(Beginning of PROVIDED RECORDS)
(* Unit j of the sum is the neuron with index N - j + 1, the one whose transition is at x^(j). *)
Lemma TNN_eq_unit_sum a t :
  TNN N x y dN a t =
  sum1 (fun j => (yext N y j - yext N y (S j)) * unit_at N x dN a j t) N.
Proof.
  unfold TNN. rewrite sum1_rev. apply sum1_ext. intros j Hj.
  unfold alpha, bt, Wt, unit_at.
  replace (N - (N - j + 1) + 1)%nat with j by lia.
  replace (N - (N - j + 1) + 2)%nat with (S j) by lia.
  pose proof (Delta_gt0 j Hj). do 2 f_equal. field. lra.
Qed.

Lemma unit_at_before a j k : 0 < a -> (1 <= j < k)%nat -> (k <= N)%nat ->
  0 < unit_at N x dN a j (x k) <= delta a.
Proof.
  intros Ha Hjk HkN. split; [apply sigmoid_gt0|].
  rewrite delta_eq_sigmoid_opp. apply sigmoid_le.
  assert (HD : 0 < Defs.Delta N x dN j) by (apply Delta_gt0; lia).
  assert (x k <= x (S j)) by (apply x_antitone; lia).
  assert (Hq : (x k - x j) / Defs.Delta N x dN j <= -1).
  { apply (Rmult_le_reg_r (Defs.Delta N x dN j)); [exact HD|].
    unfold Rdiv; rewrite Rmult_assoc, Rinv_l by lra.
    rewrite Delta_succ by lia. lra. }
  nra.
Qed.

Lemma unit_at_from a j k : 0 < a -> (1 <= k <= j)%nat -> (j <= N)%nat ->
  1 - delta a <= unit_at N x dN a j (x k) < 1.
Proof.
  intros Ha Hkj HjN. split; [|apply sigmoid_lt1].
  unfold delta. replace (1 - (1 - sigmoid a)) with (sigmoid a) by ring.
  apply sigmoid_le.
  assert (HD : 0 < Defs.Delta N x dN j) by (apply Delta_gt0; lia).
  assert (x j <= x k) by (apply x_antitone; lia).
  assert (0 <= (x k - x j) / Defs.Delta N x dN j).
  { apply Rmult_le_pos; [lra | left; now apply Rinv_0_lt_compat]. }
  nra.
Qed.

Lemma TNN_node_error_le a k : 0 < a -> (1 <= k <= N)%nat ->
  Rabs (TNN N x y dN a (x k) - y k) <= (INR N + 1) * delta a * maxabs y N.
Proof.
  intros Ha Hk.
  set (Y := yext N y).
  set (step := fun j => if (k <=? j)%nat then 1 else 0).
  set (c := fun j => match j with O => 0 | S _ => unit_at N x dN a j (x k) - step j end).
  assert (Y_last : Y (S N) = 0).
  { unfold Y, yext. now rewrite (proj2 (Nat.leb_gt (S N) N)) by lia. }
  assert (y_step : y k = sum1 (fun j => (Y j - Y (S j)) * step j) N).
  { unfold step. rewrite sum1_telescope_step, (proj2 (Nat.leb_le k N)), Y_last by lia.
    unfold Y, yext. rewrite (proj2 (Nat.leb_le k N)) by lia. ring. }
  assert (error_sum : TNN N x y dN a (x k) - y k = sum1 (fun j => (Y j - Y (S j)) * c j) N).
  { rewrite TNN_eq_unit_sum, y_step, <- sum1_minus.
    apply sum1_ext. intros [|j] Hj; [lia|]. unfold c, Y; cbv beta iota. ring. }
  rewrite error_sum. apply abel_sum_sign_change_le with (k := k); auto.
  - intros [|j] Hj; [lia|]. unfold c, step.
    rewrite (proj2 (Nat.leb_gt k (S j))) by lia.
    pose proof (unit_at_before a (S j) k Ha ltac:(lia) ltac:(lia)). lra.
  - intros [|j] Hj; [lia|]. unfold c, step.
    rewrite (proj2 (Nat.leb_le k (S j))) by lia.
    pose proof (unit_at_from a (S j) k Ha ltac:(lia) ltac:(lia)). lra.
  - intros j Hj. unfold Y, yext. rewrite (proj2 (Nat.leb_le j N)) by lia.
    now apply maxabs_ge.
Qed.

End Network.

Theorem theorem1 (N : nat) (x y : nat -> R) (dN : R) :
  (1 <= N)%nat ->
  x 1%nat <= 1 ->
  (forall k : nat, (1 <= k < N)%nat -> x k > x (S k)) ->
  0 <= x N ->
  0 < dN ->
  (forall a : R, 0 < a ->
     forall k : nat, (1 <= k <= N)%nat ->
       Rabs (TNN N x y dN a (x k) - y k)
         <= (INR N + 1) * delta a * maxabs y N)
  /\
  (forall eps : R, 0 < eps ->
     exists a : R, 0 < a /\
       (forall k : nat, (1 <= k <= N)%nat ->
          Rabs (TNN N x y dN a (x k) - y k) <= eps) /\
       sum1 (fun k => Rabs (TNN N x y dN a (x k) - y k)) N / INR N <= eps).
Proof.
  intros HN _ x_decr _ dN_pos.
  pose proof (TNN_node_error_le N x y dN x_decr dN_pos) as node_bound.
  split; [exact (fun a Ha k Hk => node_bound a k Ha Hk)|].
  intros eps Heps.
  set (M := maxabs y N). assert (M_ge0 : 0 <= M) by apply maxabs_ge0.
  set (K := (INR N + 1) * (M + 1)).
  assert (K_gt0 : 0 < K) by (unfold K; pose proof (pos_INR N); nra).
  destruct (delta_small (eps / K)) as [a [Ha Hda]]; [now apply Rdiv_lt_0_compat|].
  assert (node_le : forall k, (1 <= k <= N)%nat -> Rabs (TNN N x y dN a (x k) - y k) <= eps).
  { intros k Hk. eapply Rle_trans; [now apply node_bound|]. fold M.
    apply Rle_trans with ((INR N + 1) * (eps / K) * (M + 1)).
    - pose proof (pos_INR N); pose proof (delta_ge0 a).
      apply Rmult_le_compat; [nra | lra | | lra]. apply Rmult_le_compat_l; lra.
    - right. unfold K. field. pose proof (pos_INR N). lra. }
  exists a. split; [exact Ha|]. split; [exact node_le|].
  now apply sum1_mean_le.
Qed.
Lemma rev_chart_exists d B x L u rho RB :
  SymConvexBody d B -> 0 < rho -> 0 < RB -> (forall z, Vec d z -> norm d z < rho -> B z) ->
  (forall z, B z -> norm d z <= RB) -> OnSphere d u -> (forall v, L v <-> span1 u v) ->
  AffSymBodyRevolution d (perp d x) (section d B x) L ->
  exists m s a, RevChart d B x u (chart_lower_const rho RB) (1 + RB) m s a.
Proof.
  intros HB Hrho HRB Hin Hbd [HuV Hu1] HLu [m [T [K [L' [HT [HK [HBK HLL']]]]]]].
  pose proof HK as [[HKV _] [HL' _]].
  destruct (line_unit_generator m L' HL') as [a [HaV [Ha1 HL'a]]].
  destruct (rev_body_equator m K L' a HK HaV Ha1 HL'a) as [r [Hr Hequator]].
  pose proof (rev_body_radial_mono m K L' a HK HaV Ha1 HL'a) as Hlevel.
  pose proof HT as [TV [TL [TI _]]].
  destruct (proj1 (HLu (T a))) as [al HTa].
  { apply HLL'. exists a. split; auto. apply HL'a, span1_self. }
  assert (Hal : al <> 0).
  { intros ->. apply (unit_nonzero m a Ha1), TI; auto with vec.
    rewrite HTa, (LinOn_zero m T TL). vext. ring. }
  set (S := fun v => T (axis_stretch m a (/ al) r v)).
  pose proof (stretched_lin d m x a T al r HT) as HSL.
  pose proof (stretched_Vec d m x a T al r HT HaV) as HSV.
  assert (HS : forall v, Vec m v -> lincomb (fun j => S (basis j)) m v = S v)
    by (intros; symmetry; apply lin_expand; auto).
  assert (HSa : S a = u) by (apply (stretched_axis d m x u a T al); auto).
  assert (Hequator' : forall z, Vec m z -> dot m z a = 0 -> (B (S z) <-> norm m z <= 1))
    by (intros; apply (stretched_equator d m B K x a T al r); auto).
  assert (Hrot : forall v w, Vec m v -> Vec m w -> B (S v) ->
            dot m w a = dot m v a -> norm m w = norm m v -> B (S w))
    by (intros; apply (stretched_rot d m B K x a T al r HT HBK HKV HaV Ha1 Hlevel) with v; auto).
  exists m, (fun j => S (basis j)), a. split; intros; rewrite ?HS by auto; auto.
  - apply HSV, Vec_basis; auto.
  - apply (stretched_perp d m x a T al r HT); auto.
  - destruct (stretched_onto d m x a T al r HT HaV Ha1 Hal Hr w) as [v Hv]; auto.
    exists v. rewrite HS; tauto.
  - apply (chart_upper_bound d m B S a u RB); auto.
  - apply (chart_lower_bound d m B S a u rho RB); auto.
  - apply Hrot with v; rewrite <- ?HS; auto.
Qed.
Definition proper_efun (r : 'rV[R]_n -> \bar R) : Prop :=
  (exists x, r x != +oo%E) /\ (forall x, r x != -oo%E).

Definition convex_efun (r : 'rV[R]_n -> \bar R) : Prop :=
  forall (x y : 'rV[R]_n) (t : R), 0 <= t -> t <= 1 ->
    (r (t *: x + (1 - t) *: y)%R <= t%:E * r x + (1 - t)%R%:E * r y)%E.

(* closed = lower semicontinuous (closed epigraph) *)
Definition closed_efun (r : 'rV[R]_n -> \bar R) : Prop :=
  lower_semicontinuous r.

Definition is_prox (r : 'rV[R]_n -> \bar R) (eta : R) (y p : 'rV[R]_n) : Prop :=
  forall x, ((2^-1 * enorm (p - y) ^+ 2)%R%:E + eta%:E * r p
             <= (2^-1 * enorm (x - y) ^+ 2)%R%:E + eta%:E * r x)%E.

Definition is_minimizer (f : 'rV[R]_n -> R) (r : 'rV[R]_n -> \bar R)
  (xs : 'rV[R]_n) : Prop :=
  forall x, ((f xs)%:E + r xs <= (f x)%:E + r x)%E.

End Defs.

From HB Require Import structures.
From mathcomp Require Import all_boot all_order all_algebra.
From mathcomp Require Import all_classical all_reals all_analysis.
From mathcomp Require Import ring lra.
Import Order.TTheory GRing.Theory Num.Theory.
Import numFieldNormedType.Exports.
Local Open Scope ring_scope.

(* Write w = x_k - xs, d = d_k and e = G(x_k) - g_k, where G is the full
   gradient, so that e is the error caused by the delays.  The variational
   inequality of the prox step, the optimality condition of xs for f + r and
   strong monotonicity of G combine into
     mu |w|^2 <= <e, w + eta d> - <d, w> - eta <G(x_k) - G(xs), d> - eta |d|^2,
   and Cauchy-Schwarz together with eta L <= 1 turns this into
     mu |w|^2 <= (|e| + 2 |d|) |w| + eta |e|^2 / 4.
   Since eta mu <= eta L <= 1, this quadratic inequality yields
   mu |w| <= 2 (|d| + |e|).  Finally |e| <= L eta sum_{j=(k-K)_+}^{k-1} |d_j|,
   by the Lipschitz bounds and telescoping x_k - x_{tau_{i,k}}.
   As r is extended-valued and only convex, all first-order conditions are
   derived by letting t -> 0+ in convexity inequalities along segments. *)

Section Euclidean.
Context {R : realType} {n : nat}.
Implicit Types x y z : 'rV[R]_n.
(End of PROVIDED RECORDS)
**TASK TO COMPLETE**
Above are the records. Print exactly, and only, the lines from the line with "- right. unfold" to the line with "destruct (line_unit_generator m", both inclusive.

**OUTPUT OF THE EXERCISE**
    - right. unfold K. field. pose proof (pos_INR N). lra. }
  exists a. split; [exact Ha|]. split; [exact node_le|].
  now apply sum1_mean_le.
Qed.
Lemma rev_chart_exists d B x L u rho RB :
  SymConvexBody d B -> 0 < rho -> 0 < RB -> (forall z, Vec d z -> norm d z < rho -> B z) ->
  (forall z, B z -> norm d z <= RB) -> OnSphere d u -> (forall v, L v <-> span1 u v) ->
  AffSymBodyRevolution d (perp d x) (section d B x) L ->
  exists m s a, RevChart d B x u (chart_lower_const rho RB) (1 + RB) m s a.
Proof.
  intros HB Hrho HRB Hin Hbd [HuV Hu1] HLu [m [T [K [L' [HT [HK [HBK HLL']]]]]]].
  pose proof HK as [[HKV _] [HL' _]].
  destruct (line_unit_generator m L' HL') as [a [HaV [Ha1 HL'a]]].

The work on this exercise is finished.